▶ DATA EXCERPTS

(* Let $a_2>0$ and consider the two-link parallel network with unit demand and latencies $\ell_1(x_1)=x_1$, $\ell_2(x_2)=a_2x_2$. Then every $t\in\mathcal{T}(\infty)$ equals $t=\left(\frac{2a_2+1}{3},\frac{a_2+2}{3}\right)$, and for this $t$, $$\frac{C(x(t))}{C(x^* )}=\frac{a_2^2+7a_2+1}{9a_2},$$ where $x^*$ is the optimal flow. In particular this ratio tends to $\infty$ as $a_2\to\infty$.
   Context: Flows $x\in\mathbb{R}^2_+$ with $x_1+x_2=1$; $C(x)=\sum_i\ell_i(x_i)x_i$; $x^*$ minimizes $C$. For tolls $t\in\mathbb{R}^2_+$, $x(t)$ is the unique Wardrop equilibrium for $t$ (for all $i,j$ with $x_i>0$: $\ell_i(x_i)+t_i\le\ell_j(x_j)+t_j$). Profit $\Pi_i(t)=t_ix_i(t)$. $\mathcal{T}(\infty)$: the set of toll vectors $t\in\mathbb{R}^2_+$ such that for every $i$ and every $t'_i\ge0$, $\Pi_i(t_i,t_{-i})\ge\Pi_i(t'_i,t_{-i})$ (flow recomputed). *)

From Stdlib Require Import Reals Lra ClassicalEpsilon.
Open Scope R_scope.

Inductive link : Type := L1 | L2.

Definition link_eqb (i j : link) : bool :=
  match i, j with L1, L1 | L2, L2 => true | _, _ => false end.

Definition vec := link -> R.

Definition lat (a2 : R) (i : link) (y : R) : R :=
  match i with L1 => y | L2 => a2 * y end.

Definition feasible (x : vec) : Prop :=
  0 <= x L1 /\ 0 <= x L2 /\ x L1 + x L2 = 1.

Definition nonneg (t : vec) : Prop := 0 <= t L1 /\ 0 <= t L2.

Definition cost (a2 : R) (x : vec) : R :=
  lat a2 L1 (x L1) * x L1 + lat a2 L2 (x L2) * x L2.

Definition is_opt (a2 : R) (x : vec) : Prop :=
  feasible x /\ forall y, feasible y -> cost a2 x <= cost a2 y.

Definition wardrop (a2 : R) (t x : vec) : Prop :=
  feasible x /\
  forall i j, 0 < x i -> lat a2 i (x i) + t i <= lat a2 j (x j) + t j.

Definition default_flow : vec := fun _ => 1/2.

(* x(t): the (unique) Wardrop equilibrium for t, selected by Hilbert's epsilon. *)
Definition eq_flow (a2 : R) (t : vec) : vec :=
  epsilon (inhabits default_flow) (wardrop a2 t).

(* x^star: the (unique) optimal flow, selected by Hilbert's epsilon. *)
Definition opt_flow (a2 : R) : vec :=
  epsilon (inhabits default_flow) (is_opt a2).

Definition profit (a2 : R) (i : link) (t : vec) : R := t i * eq_flow a2 t i.

Definition upd (t : vec) (i : link) (v : R) : vec :=
  fun j => if link_eqb i j then v else t j.

Definition Tinf (a2 : R) (t : vec) : Prop :=
  nonneg t /\
  forall i (v : R), 0 <= v -> profit a2 i t >= profit a2 i (upd t i v).

Definition tstar (a2 : R) : vec :=
  fun i => match i with L1 => (2 * a2 + 1) / 3 | L2 => (a2 + 2) / 3 end.

Definition ratio (a2 : R) : R :=
  cost a2 (eq_flow a2 (tstar a2)) / cost a2 (opt_flow a2).

From Stdlib Require Import Reals Lra ClassicalEpsilon.
Open Scope R_scope.

(* An equilibrium splits the demand so that l1(x1) + t1 = l2(x2) + t2 as long
   as both gaps g1 := a2 + t2 - t1 and g2 := 1 + t1 - t2 are positive, which
   gives x1 = g1/(1+a2), x2 = g2/(1+a2). Operator i therefore earns
   t_i g_i/(1+a2): a concave parabola in its own toll, maximised at half the
   intercept, i.e. t1 = (a2+t2)/2 and t2 = (1+t1)/2, whose unique solution is
   the claimed toll vector. In a Nash equilibrium neither gap can vanish,
   since a link without flow earns nothing while a small undercut earns a
   positive profit. The optimum costs a2/(1+a2), and the equilibrium cost at
   the Nash tolls is (a2^2+7a2+1)/(9(1+a2)). *)

Lemma parabola_max_at_vertex (K L t : R) :
  0 < K -> 0 <= t -> L < t < K ->
  (forall v, 0 <= v -> L < v < K -> v * (K - v) <= t * (K - t)) ->
  t = K / 2.
Proof.
  intros HK Ht [HLt HtK] Hmax.
  destruct (Rlt_or_le L (K / 2)) as [HL|HL].
  - specialize (Hmax (K / 2) ltac:(lra) ltac:(lra)). nra.
  - specialize (Hmax ((t + L) / 2) ltac:(lra) ltac:(lra)). nra.
Qed.

Section TwoLinkNetwork.

Variable a2 : R.
Hypothesis a2_pos : 0 < a2.

Lemma wardrop_exists (t : vec) : exists x, wardrop a2 t x.
Proof.
  destruct (Rle_or_lt (a2 + t L2 - t L1) 0) as [Hg1|Hg1].
  - exists (fun i => match i with L1 => 0 | L2 => 1 end).
    split; [unfold feasible; lra|].
    intros [] [] Hi; cbn in *; lra.
  - destruct (Rle_or_lt (1 + t L1 - t L2) 0) as [Hg2|Hg2].
    + exists (fun i => match i with L1 => 1 | L2 => 0 end).
      split; [unfold feasible; lra|].
      intros [] [] Hi; cbn in *; lra.
    + set (p := (a2 + t L2 - t L1) / (1 + a2)).
      assert (Hp : p * (1 + a2) = a2 + t L2 - t L1) by (unfold p; field; lra).
      exists (fun i => match i with L1 => p | L2 => 1 - p end).
      split; [unfold feasible; cbn; nra|].
      intros [] [] Hi; cbn in *; nra.
Qed.

Lemma eq_flow_wardrop (t : vec) : wardrop a2 t (eq_flow a2 t).
Proof. unfold eq_flow; apply epsilon_spec, wardrop_exists. Qed.

Lemma wardrop_L1_unused (t x : vec) :
  wardrop a2 t x -> a2 + t L2 - t L1 <= 0 -> x L1 = 0.
Proof.
  intros [[F1 [F2 F3]] W] Hg1.
  destruct (Rle_lt_or_eq_dec 0 (x L1) F1) as [Hx|]; [|lra].
  specialize (W L1 L2 Hx); cbn in W. nra.
Qed.

Lemma wardrop_L2_unused (t x : vec) :
  wardrop a2 t x -> 1 + t L1 - t L2 <= 0 -> x L2 = 0.
Proof.
  intros [[F1 [F2 F3]] W] Hg2.
  destruct (Rle_lt_or_eq_dec 0 (x L2) F2) as [Hx|]; [|lra].
  specialize (W L2 L1 Hx); cbn in W. nra.
Qed.

Lemma wardrop_interior (t x : vec) :
  wardrop a2 t x -> 0 < a2 + t L2 - t L1 -> 0 < 1 + t L1 - t L2 ->
  x L1 = (a2 + t L2 - t L1) / (1 + a2) /\ x L2 = (1 + t L1 - t L2) / (1 + a2).
Proof.
  intros Hw Hg1 Hg2.
  pose proof Hw as [[F1 [F2 F3]] W].
  assert (Hx1 : 0 < x L1).
  { destruct (Rle_lt_or_eq_dec 0 (x L1) F1) as [|E]; [lra|].
    specialize (W L2 L1 ltac:(lra)); cbn in W. nra. }
  assert (Hx2 : 0 < x L2).
  { destruct (Rle_lt_or_eq_dec 0 (x L2) F2) as [|E]; [lra|].
    specialize (W L1 L2 ltac:(lra)); cbn in W. nra. }
  assert (Hbal : x L1 + t L1 = a2 * x L2 + t L2).
  { pose proof (W L1 L2 Hx1); pose proof (W L2 L1 Hx2); cbn in *; lra. }
  assert (E1 : x L1 * (1 + a2) = a2 + t L2 - t L1) by nra.
  assert (E2 : x L2 * (1 + a2) = 1 + t L1 - t L2) by nra.
  split; [rewrite <- E1 | rewrite <- E2]; field; lra.
Qed.

Lemma profit_L1_interior (t : vec) :
  0 < a2 + t L2 - t L1 -> 0 < 1 + t L1 - t L2 ->
  profit a2 L1 t = t L1 * (a2 + t L2 - t L1) / (1 + a2).
Proof.
  intros Hg1 Hg2. unfold profit.
  rewrite (proj1 (wardrop_interior t _ (eq_flow_wardrop t) Hg1 Hg2)).
  apply Rmult_div_assoc.
Qed.

Lemma profit_L2_interior (t : vec) :
  0 < a2 + t L2 - t L1 -> 0 < 1 + t L1 - t L2 ->
  profit a2 L2 t = t L2 * (1 + t L1 - t L2) / (1 + a2).
Proof.
  intros Hg1 Hg2. unfold profit.
  rewrite (proj2 (wardrop_interior t _ (eq_flow_wardrop t) Hg1 Hg2)).
  apply Rmult_div_assoc.
Qed.

Lemma Tinf_profit_pos (t : vec) (i : link) : Tinf a2 t -> 0 < profit a2 i t.
Proof.
  intros [[N1 N2] Nash].
  destruct i.
  -     set (v := t L2 + a2 / 2).
    apply (Rlt_le_trans _ (profit a2 L1 (upd t L1 v))).
    + rewrite profit_L1_interior; cbn; unfold v;
        [apply Rdiv_lt_0_compat; nra | lra | lra].
    + apply Rge_le, Nash. unfold v; lra.
  - set (v := t L1 + 1 / 2).
    apply (Rlt_le_trans _ (profit a2 L2 (upd t L2 v))).
    + rewrite profit_L2_interior; cbn; unfold v;
        [apply Rdiv_lt_0_compat; nra | lra | lra].
    + apply Rge_le, Nash. unfold v; lra.
Qed.

Lemma Tinf_interior (t : vec) :
  Tinf a2 t -> 0 < a2 + t L2 - t L1 /\ 0 < 1 + t L1 - t L2.
Proof.
  intros Ht. split.
  - destruct (Rle_or_lt (a2 + t L2 - t L1) 0) as [Hg1|]; [exfalso|assumption].
    pose proof (Tinf_profit_pos t L1 Ht) as Hpos. unfold profit in Hpos.
    rewrite (wardrop_L1_unused t _ (eq_flow_wardrop t) Hg1) in Hpos. lra.
  - destruct (Rle_or_lt (1 + t L1 - t L2) 0) as [Hg2|]; [exfalso|assumption].
    pose proof (Tinf_profit_pos t L2 Ht) as Hpos. unfold profit in Hpos.
    rewrite (wardrop_L2_unused t _ (eq_flow_wardrop t) Hg2) in Hpos. lra.
Qed.

Lemma Tinf_best_response_L1 (t : vec) : Tinf a2 t -> t L1 = (a2 + t L2) / 2.
Proof.
  intros Ht.
  destruct (Tinf_interior t Ht) as [Hg1 Hg2].
  destruct Ht as [[N1 N2] Nash].
  apply (parabola_max_at_vertex _ (t L2 - 1)); [lra | lra | lra |].
  intros v Hv Hrange.
  specialize (Nash L1 v Hv).
  rewrite !profit_L1_interior in Nash; cbn in *; try lra.
  apply Rge_le, Rmult_le_reg_r with (r := / (1 + a2)) in Nash;
    [lra | apply Rinv_0_lt_compat; lra].
Qed.

Lemma Tinf_best_response_L2 (t : vec) : Tinf a2 t -> t L2 = (1 + t L1) / 2.
Proof.
  intros Ht.
  destruct (Tinf_interior t Ht) as [Hg1 Hg2].
  destruct Ht as [[N1 N2] Nash].
  apply (parabola_max_at_vertex _ (t L1 - a2)); [lra | lra | lra |].
  intros v Hv Hrange.
  specialize (Nash L2 v Hv).
  rewrite !profit_L2_interior in Nash; cbn in *; try lra.
  apply Rge_le, Rmult_le_reg_r with (r := / (1 + a2)) in Nash;
    [lra | apply Rinv_0_lt_compat; lra].
Qed.

Lemma Tinf_tolls (t : vec) :
  Tinf a2 t -> t L1 = (2 * a2 + 1) / 3 /\ t L2 = (a2 + 2) / 3.
Proof.
  intros Ht.
  pose proof (Tinf_best_response_L1 t Ht).
  pose proof (Tinf_best_response_L2 t Ht).
  split; lra.
Qed.

Lemma cost_ge_min (y : vec) : feasible y -> a2 / (1 + a2) <= cost a2 y.
Proof.
  intros [F1 [F2 F3]].
  assert (Hsq : cost a2 y - a2 / (1 + a2) = ((1 + a2) * y L1 - a2) ^ 2 / (1 + a2)).
  { unfold cost; cbn. replace (y L2) with (1 - y L1) by lra. field. lra. }
  assert (0 <= ((1 + a2) * y L1 - a2) ^ 2 / (1 + a2)).
  { unfold Rdiv; apply Rmult_le_pos;
      [apply pow2_ge_0 | left; apply Rinv_0_lt_compat; lra]. }
  lra.
Qed.

Lemma opt_flow_cost : cost a2 (opt_flow a2) = a2 / (1 + a2).
Proof.
  set (p := a2 / (1 + a2)).
  set (xo := fun i => match i with L1 => p | L2 => 1 - p end).
  assert (Hp : 0 < p < 1).
  { unfold p; split; [apply Rdiv_lt_0_compat; lra|].
    apply Rmult_lt_reg_r with (1 + a2); [lra|]. field_simplify; lra. }
  assert (Fxo : feasible xo) by (unfold feasible, xo; lra).
  assert (Cxo : cost a2 xo = p) by (unfold cost, xo, p; cbn; field; lra).
  assert (Oxo : is_opt a2 xo).
  { split; [exact Fxo|]. intros y Fy. rewrite Cxo. now apply cost_ge_min. }
  assert (Oo : is_opt a2 (opt_flow a2)).
  { unfold opt_flow; apply epsilon_spec; now exists xo. }
  destruct Oo as [Fo Mo].
  pose proof (Mo xo Fxo). pose proof (cost_ge_min _ Fo). unfold p in *. lra.
Qed.

Lemma ratio_eq : ratio a2 = (a2 ^ 2 + 7 * a2 + 1) / (9 * a2).
Proof.
  unfold ratio. rewrite opt_flow_cost.
  destruct (wardrop_interior (tstar a2) _ (eq_flow_wardrop (tstar a2)))
    as [X1 X2]; cbn; try lra.
  unfold cost; cbn. rewrite X1, X2; cbn. field. lra.
Qed.

Lemma ratio_gt : a2 / 9 < ratio a2.
Proof.
  rewrite ratio_eq.
  apply Rmult_lt_reg_r with (9 * a2); [lra|].
  field_simplify; nra.
Qed.

End TwoLinkNetwork.

Theorem mainTheorem12 :
  (forall a2 : R, 0 < a2 ->
     (forall t : vec, Tinf a2 t ->
        t L1 = (2 * a2 + 1) / 3 /\ t L2 = (a2 + 2) / 3) /\
     ratio a2 = (a2 ^ 2 + 7 * a2 + 1) / (9 * a2)) /\
  (forall M : R, exists A : R, forall a2 : R, A < a2 -> M < ratio a2).
Proof.
  split.
  - intros a2 Ha. split.
    + exact (Tinf_tolls a2 Ha).
    + exact (ratio_eq a2 Ha).
  - intros M. exists (9 * Rabs M). intros a2 HA.
    pose proof (Rabs_pos M). pose proof (Rle_abs M).
    pose proof (ratio_gt a2 ltac:(lra)).
    lra.
Qed.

▶ WHAT TO DO
Using the entries above, give back exactly the line containing "destruct Oo as [Fo Mo].", the line containing "a2 + 1) / (9 * a2)) /\", and every line between them, and nothing else.

▶ WRITTEN RESPONSE
  destruct Oo as [Fo Mo].
  pose proof (Mo xo Fxo). pose proof (cost_ge_min _ Fo). unfold p in *. lra.
Qed.

Lemma ratio_eq : ratio a2 = (a2 ^ 2 + 7 * a2 + 1) / (9 * a2).
Proof.
  unfold ratio. rewrite opt_flow_cost.
  destruct (wardrop_interior (tstar a2) _ (eq_flow_wardrop (tstar a2)))
    as [X1 X2]; cbn; try lra.
  unfold cost; cbn. rewrite X1, X2; cbn. field. lra.
Qed.

Lemma ratio_gt : a2 / 9 < ratio a2.
Proof.
  rewrite ratio_eq.
  apply Rmult_lt_reg_r with (9 * a2); [lra|].
  field_simplify; nra.
Qed.

End TwoLinkNetwork.

Theorem mainTheorem12 :
  (forall a2 : R, 0 < a2 ->
     (forall t : vec, Tinf a2 t ->
        t L1 = (2 * a2 + 1) / 3 /\ t L2 = (a2 + 2) / 3) /\
     ratio a2 = (a2 ^ 2 + 7 * a2 + 1) / (9 * a2)) /\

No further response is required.